There are two main IPsec framework protocols:

  • Authentication Header (AH) – is used when confidentiality is not required or permitted. AH provides data authentication and integrity for IP packets passed between two systems but does not provide confidentiality (encryption) of packets. When used alone, AH provides weak protection, but in combination with ESP is able to provide data encryption and tamper-aware security features.
  • Encapsulating Security Payload (ESP) – provides confidentiality, authentication, and integrity by encrypting the IP packets. Authentication provides data origin authentication and data integrity. Both encryption and authentication are optional in ESP, but at least one must be selected.

The standard IPsec algorithms used to implement encryption, authentication and key exchange are:

  • DES – used to encrypt and decrypt packet data.
  • 3DES – provides significant encryption strength over DES.
  • AES – provides stronger encryption and faster throughput.
  • MD5 – authenticates packet data using a 128-bit share secret key.
  • SHA-1 – authenticates packet data using a 160-bit shared secret key.
  • DH – allows parties to establish a shared secret key used by encryption and hash algorithms, for example DES and MD5, over an insecure communication channel.

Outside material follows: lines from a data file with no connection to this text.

Theorem theorem4 (alpha c : R) :
  0 < alpha < PI -> 0 < c < 2 ->
  exists (x : nat -> C) (beta : nat -> R),
    (forall n, x n = cis (beta n) /\ 0 < beta n < alpha) /\
    (* denominators eps + x_n x_{n+1} are nonzero along the solution *)
    (forall n, (cis alpha + x n * x (S n))%C <> 0%C) /\
    (* equation at n = 0: second term omitted *)
    term1 (cis alpha) 0 (x 0%nat) (x 1%nat) = rhs (cis alpha) c (x 0%nat) /\
    (* equation at n >= 1 *)
    (forall n, n <> 0%nat ->
       (term1 (cis alpha) n (x n) (x (S n))
        - term2 (cis alpha) n (x (pred n)) (x n))%C = rhs (cis alpha) c (x n)).
Proof.
  intros Halpha Hc.
  set (a := tan (alpha / 2)).
  assert (Ha : 0 < a).
  { unfold a, tan. apply Rdiv_lt_0_compat; [apply sin_gt_0 | apply cos_gt_0]; lra. }
  assert (Halpha_a : alpha = 2 * atan a) by (unfold a; rewrite atan_tan; lra).
  rewrite Halpha_a, cis_2atan.
  destruct (exists_admissible_orbit a c Ha Hc) as (x0 & Hx0 & Hadm).
  set (t := fun n => traj a c n x0).
  assert (Ht : forall n, 0 < t n < a) by (intros n; apply (traj_bounds a c Ha n); auto).
  assert (Heq : forall n,
    (term1 (cayley a) n (cayley (t n)) (cayley (t (S n)))
     - term2 (cayley a) n (cayley (t (pred n))) (cayley (t n)))%C = rhs (cayley a) c (cayley (t n)))
    by (intros n; apply equation_of_recurrence, orbit_recurrence; auto).
  exists (fun n => cayley (t n)), (fun n => 2 * atan (t n)).
  split; [|split; [|split]].
  - intros n. rewrite cis_2atan. split; [reflexivity|].
    pose proof (atan_increasing 0 (t n) (proj1 (Ht n))).
    pose proof (atan_increasing (t n) a (proj2 (Ht n))). rewrite atan_0 in *. lra.
  - intros n. apply cayley_add_mul_neq0; auto.
  - rewrite <- (Heq 0%nat). unfold term2. simpl INR. ring.
  - intros n _. apply Heq.
Qed.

There are some four steps you should be aware of when you configure an IPsec VPN: first of all, you must choose an IPsec protocol. The choices are ESP or ESP with AH. Next, you must select the encryption algorithm depending on your level of security: DES, 3DES, or AES. After the encryption algorithm is selected, you must choose the authentication algorithm to provide data integrity. Your options are MD5 or SHA. The last step is to select the Diffie-Helman (DH) algorithm to use for establishing the sharing of key information between peers. You can select DH1 or DH2.

When taking the CCNA exam you must be able to recognize basic VPN concepts, what a VPN is used for, what encryption and hash algorithms are being used, and what IPsec is. We do our best to explain every CCNA topic as easier to understand as possible and we hope you found this topic helpful.